Reproduce, from the lines below, exactly the stretch that begins at the line containing "assert (roots : forall" and ends at the line containing "generalize (roots (-(PI/2))", both included.

*** Data ***

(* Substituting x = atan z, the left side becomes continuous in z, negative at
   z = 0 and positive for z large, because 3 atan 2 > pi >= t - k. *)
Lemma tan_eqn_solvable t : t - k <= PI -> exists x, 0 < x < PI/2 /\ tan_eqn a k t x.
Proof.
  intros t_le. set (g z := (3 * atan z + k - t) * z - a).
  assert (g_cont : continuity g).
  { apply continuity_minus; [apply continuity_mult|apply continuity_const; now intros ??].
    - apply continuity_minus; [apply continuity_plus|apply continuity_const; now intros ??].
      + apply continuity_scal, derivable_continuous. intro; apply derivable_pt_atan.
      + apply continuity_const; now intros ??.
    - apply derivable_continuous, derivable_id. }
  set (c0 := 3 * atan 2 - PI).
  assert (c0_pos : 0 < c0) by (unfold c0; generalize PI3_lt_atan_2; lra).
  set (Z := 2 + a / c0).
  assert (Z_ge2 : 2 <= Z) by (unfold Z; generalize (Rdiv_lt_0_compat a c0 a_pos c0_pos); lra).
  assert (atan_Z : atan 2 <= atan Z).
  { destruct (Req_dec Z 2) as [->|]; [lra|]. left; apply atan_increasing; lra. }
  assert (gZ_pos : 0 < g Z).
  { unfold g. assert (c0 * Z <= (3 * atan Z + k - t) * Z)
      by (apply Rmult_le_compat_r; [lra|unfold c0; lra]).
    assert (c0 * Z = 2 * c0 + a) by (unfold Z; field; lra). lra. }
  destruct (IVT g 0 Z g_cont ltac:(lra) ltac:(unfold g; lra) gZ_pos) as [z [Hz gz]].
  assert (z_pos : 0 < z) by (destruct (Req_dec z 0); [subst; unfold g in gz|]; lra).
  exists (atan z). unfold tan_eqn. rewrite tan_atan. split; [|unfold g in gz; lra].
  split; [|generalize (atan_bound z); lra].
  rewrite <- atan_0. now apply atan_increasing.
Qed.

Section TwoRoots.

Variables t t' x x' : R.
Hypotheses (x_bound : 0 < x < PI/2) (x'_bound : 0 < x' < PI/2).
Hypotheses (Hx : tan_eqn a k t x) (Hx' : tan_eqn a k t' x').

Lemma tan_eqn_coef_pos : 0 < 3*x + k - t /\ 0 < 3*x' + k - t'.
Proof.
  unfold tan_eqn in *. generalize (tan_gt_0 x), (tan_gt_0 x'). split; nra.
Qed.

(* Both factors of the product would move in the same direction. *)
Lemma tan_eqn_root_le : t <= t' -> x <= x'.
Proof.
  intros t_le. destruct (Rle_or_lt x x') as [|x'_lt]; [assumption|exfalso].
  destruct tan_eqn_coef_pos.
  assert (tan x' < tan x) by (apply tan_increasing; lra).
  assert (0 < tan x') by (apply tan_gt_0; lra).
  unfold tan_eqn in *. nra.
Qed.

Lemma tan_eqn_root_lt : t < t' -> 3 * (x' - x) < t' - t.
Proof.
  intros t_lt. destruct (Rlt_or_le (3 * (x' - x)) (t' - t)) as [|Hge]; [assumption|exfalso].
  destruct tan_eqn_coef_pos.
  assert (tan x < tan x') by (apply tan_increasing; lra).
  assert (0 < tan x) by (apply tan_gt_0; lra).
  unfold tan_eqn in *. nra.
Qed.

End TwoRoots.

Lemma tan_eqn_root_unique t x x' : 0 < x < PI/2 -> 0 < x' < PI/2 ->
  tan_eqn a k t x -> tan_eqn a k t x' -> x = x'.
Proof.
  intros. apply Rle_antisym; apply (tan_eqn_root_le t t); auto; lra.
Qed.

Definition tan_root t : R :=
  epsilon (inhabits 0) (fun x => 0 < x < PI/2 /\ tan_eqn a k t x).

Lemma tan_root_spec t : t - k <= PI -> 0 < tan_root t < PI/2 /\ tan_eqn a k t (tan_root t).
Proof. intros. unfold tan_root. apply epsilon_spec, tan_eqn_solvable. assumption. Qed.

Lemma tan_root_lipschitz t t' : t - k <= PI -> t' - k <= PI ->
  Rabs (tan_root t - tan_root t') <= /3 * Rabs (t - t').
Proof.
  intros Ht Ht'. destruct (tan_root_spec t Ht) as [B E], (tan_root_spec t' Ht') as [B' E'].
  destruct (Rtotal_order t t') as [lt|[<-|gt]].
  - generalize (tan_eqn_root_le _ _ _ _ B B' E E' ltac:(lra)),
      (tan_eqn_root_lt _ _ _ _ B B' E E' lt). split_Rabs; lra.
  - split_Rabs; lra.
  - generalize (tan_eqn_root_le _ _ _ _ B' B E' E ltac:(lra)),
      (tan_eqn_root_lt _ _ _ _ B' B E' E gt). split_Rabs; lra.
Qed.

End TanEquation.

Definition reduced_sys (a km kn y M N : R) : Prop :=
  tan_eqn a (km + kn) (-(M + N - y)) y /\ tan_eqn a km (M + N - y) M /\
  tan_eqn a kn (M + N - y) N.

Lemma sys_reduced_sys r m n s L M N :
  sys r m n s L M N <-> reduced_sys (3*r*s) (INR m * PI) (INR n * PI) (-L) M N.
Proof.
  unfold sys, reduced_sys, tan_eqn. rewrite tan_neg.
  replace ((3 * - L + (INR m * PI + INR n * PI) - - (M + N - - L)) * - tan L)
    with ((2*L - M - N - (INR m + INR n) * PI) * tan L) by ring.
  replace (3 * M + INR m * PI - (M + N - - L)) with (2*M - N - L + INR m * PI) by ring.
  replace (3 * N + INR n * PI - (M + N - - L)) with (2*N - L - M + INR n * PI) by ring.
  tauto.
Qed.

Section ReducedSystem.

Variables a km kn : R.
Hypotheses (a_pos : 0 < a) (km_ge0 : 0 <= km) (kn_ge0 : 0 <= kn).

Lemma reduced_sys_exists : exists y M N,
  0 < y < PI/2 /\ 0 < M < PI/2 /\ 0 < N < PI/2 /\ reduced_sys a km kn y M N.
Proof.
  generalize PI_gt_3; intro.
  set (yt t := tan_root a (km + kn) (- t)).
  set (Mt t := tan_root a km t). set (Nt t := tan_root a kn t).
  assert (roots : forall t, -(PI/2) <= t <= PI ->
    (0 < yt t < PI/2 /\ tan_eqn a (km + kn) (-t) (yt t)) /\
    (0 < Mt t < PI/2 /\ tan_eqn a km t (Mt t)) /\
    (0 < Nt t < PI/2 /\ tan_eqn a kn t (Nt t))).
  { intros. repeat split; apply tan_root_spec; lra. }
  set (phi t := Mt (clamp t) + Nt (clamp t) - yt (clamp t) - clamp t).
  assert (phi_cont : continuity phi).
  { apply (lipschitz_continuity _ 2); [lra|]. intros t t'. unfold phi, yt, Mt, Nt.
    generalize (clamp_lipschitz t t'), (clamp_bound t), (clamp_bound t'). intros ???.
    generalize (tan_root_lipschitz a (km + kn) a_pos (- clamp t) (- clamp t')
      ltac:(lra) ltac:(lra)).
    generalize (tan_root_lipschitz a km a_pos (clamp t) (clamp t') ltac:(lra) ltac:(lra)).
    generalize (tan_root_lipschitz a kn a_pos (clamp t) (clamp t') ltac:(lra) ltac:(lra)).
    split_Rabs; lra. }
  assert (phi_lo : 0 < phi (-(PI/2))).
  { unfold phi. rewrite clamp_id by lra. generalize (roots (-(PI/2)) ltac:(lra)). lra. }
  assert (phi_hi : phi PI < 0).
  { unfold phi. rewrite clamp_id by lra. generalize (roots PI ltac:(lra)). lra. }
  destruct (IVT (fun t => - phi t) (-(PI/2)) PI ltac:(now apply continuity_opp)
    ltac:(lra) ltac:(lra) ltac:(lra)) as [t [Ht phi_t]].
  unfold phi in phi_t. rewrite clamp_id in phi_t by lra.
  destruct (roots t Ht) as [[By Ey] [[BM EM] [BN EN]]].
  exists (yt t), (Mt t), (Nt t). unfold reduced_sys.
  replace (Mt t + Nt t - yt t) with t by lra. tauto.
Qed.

*** End of Data ***
*** Data ***

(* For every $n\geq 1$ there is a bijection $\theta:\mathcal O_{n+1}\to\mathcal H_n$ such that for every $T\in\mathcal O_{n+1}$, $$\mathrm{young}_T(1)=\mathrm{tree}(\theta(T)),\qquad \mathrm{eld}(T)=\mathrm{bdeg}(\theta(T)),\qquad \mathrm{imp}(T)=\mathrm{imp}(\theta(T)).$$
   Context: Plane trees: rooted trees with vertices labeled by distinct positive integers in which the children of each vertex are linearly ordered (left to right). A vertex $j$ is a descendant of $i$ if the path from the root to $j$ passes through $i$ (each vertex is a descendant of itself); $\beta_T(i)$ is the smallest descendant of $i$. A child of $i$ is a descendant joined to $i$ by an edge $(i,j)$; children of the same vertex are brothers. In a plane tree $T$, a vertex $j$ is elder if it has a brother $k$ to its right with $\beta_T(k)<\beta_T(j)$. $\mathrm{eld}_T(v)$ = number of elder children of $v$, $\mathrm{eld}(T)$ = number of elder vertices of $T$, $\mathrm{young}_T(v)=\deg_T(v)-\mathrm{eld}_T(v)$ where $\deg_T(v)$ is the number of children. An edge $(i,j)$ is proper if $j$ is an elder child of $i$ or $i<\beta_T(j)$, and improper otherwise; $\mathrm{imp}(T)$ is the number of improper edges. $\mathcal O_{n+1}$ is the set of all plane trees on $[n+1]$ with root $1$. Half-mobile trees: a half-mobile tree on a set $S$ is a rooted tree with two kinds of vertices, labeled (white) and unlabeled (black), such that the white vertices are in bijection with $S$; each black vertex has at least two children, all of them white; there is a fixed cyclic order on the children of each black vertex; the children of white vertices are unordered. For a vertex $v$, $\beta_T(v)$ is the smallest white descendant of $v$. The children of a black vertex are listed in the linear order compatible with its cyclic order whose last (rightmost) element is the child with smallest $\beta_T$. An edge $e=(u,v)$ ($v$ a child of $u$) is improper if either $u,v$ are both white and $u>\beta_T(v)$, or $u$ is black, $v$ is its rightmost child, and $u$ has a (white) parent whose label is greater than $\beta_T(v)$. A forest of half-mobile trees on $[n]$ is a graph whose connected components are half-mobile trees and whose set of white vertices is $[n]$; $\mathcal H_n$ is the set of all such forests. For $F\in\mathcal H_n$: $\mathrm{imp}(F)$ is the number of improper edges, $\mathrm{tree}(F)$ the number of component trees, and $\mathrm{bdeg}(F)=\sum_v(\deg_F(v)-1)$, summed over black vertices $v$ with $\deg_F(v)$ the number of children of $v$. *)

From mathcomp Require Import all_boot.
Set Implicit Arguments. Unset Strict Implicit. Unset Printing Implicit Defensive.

*** End of Data ***

— Solution below —
  assert (roots : forall t, -(PI/2) <= t <= PI ->
    (0 < yt t < PI/2 /\ tan_eqn a (km + kn) (-t) (yt t)) /\
    (0 < Mt t < PI/2 /\ tan_eqn a km t (Mt t)) /\
    (0 < Nt t < PI/2 /\ tan_eqn a kn t (Nt t))).
  { intros. repeat split; apply tan_root_spec; lra. }
  set (phi t := Mt (clamp t) + Nt (clamp t) - yt (clamp t) - clamp t).
  assert (phi_cont : continuity phi).
  { apply (lipschitz_continuity _ 2); [lra|]. intros t t'. unfold phi, yt, Mt, Nt.
    generalize (clamp_lipschitz t t'), (clamp_bound t), (clamp_bound t'). intros ???.
    generalize (tan_root_lipschitz a (km + kn) a_pos (- clamp t) (- clamp t')
      ltac:(lra) ltac:(lra)).
    generalize (tan_root_lipschitz a km a_pos (clamp t) (clamp t') ltac:(lra) ltac:(lra)).
    generalize (tan_root_lipschitz a kn a_pos (clamp t) (clamp t') ltac:(lra) ltac:(lra)).
    split_Rabs; lra. }
  assert (phi_lo : 0 < phi (-(PI/2))).
  { unfold phi. rewrite clamp_id by lra. generalize (roots (-(PI/2)) ltac:(lra)). lra. }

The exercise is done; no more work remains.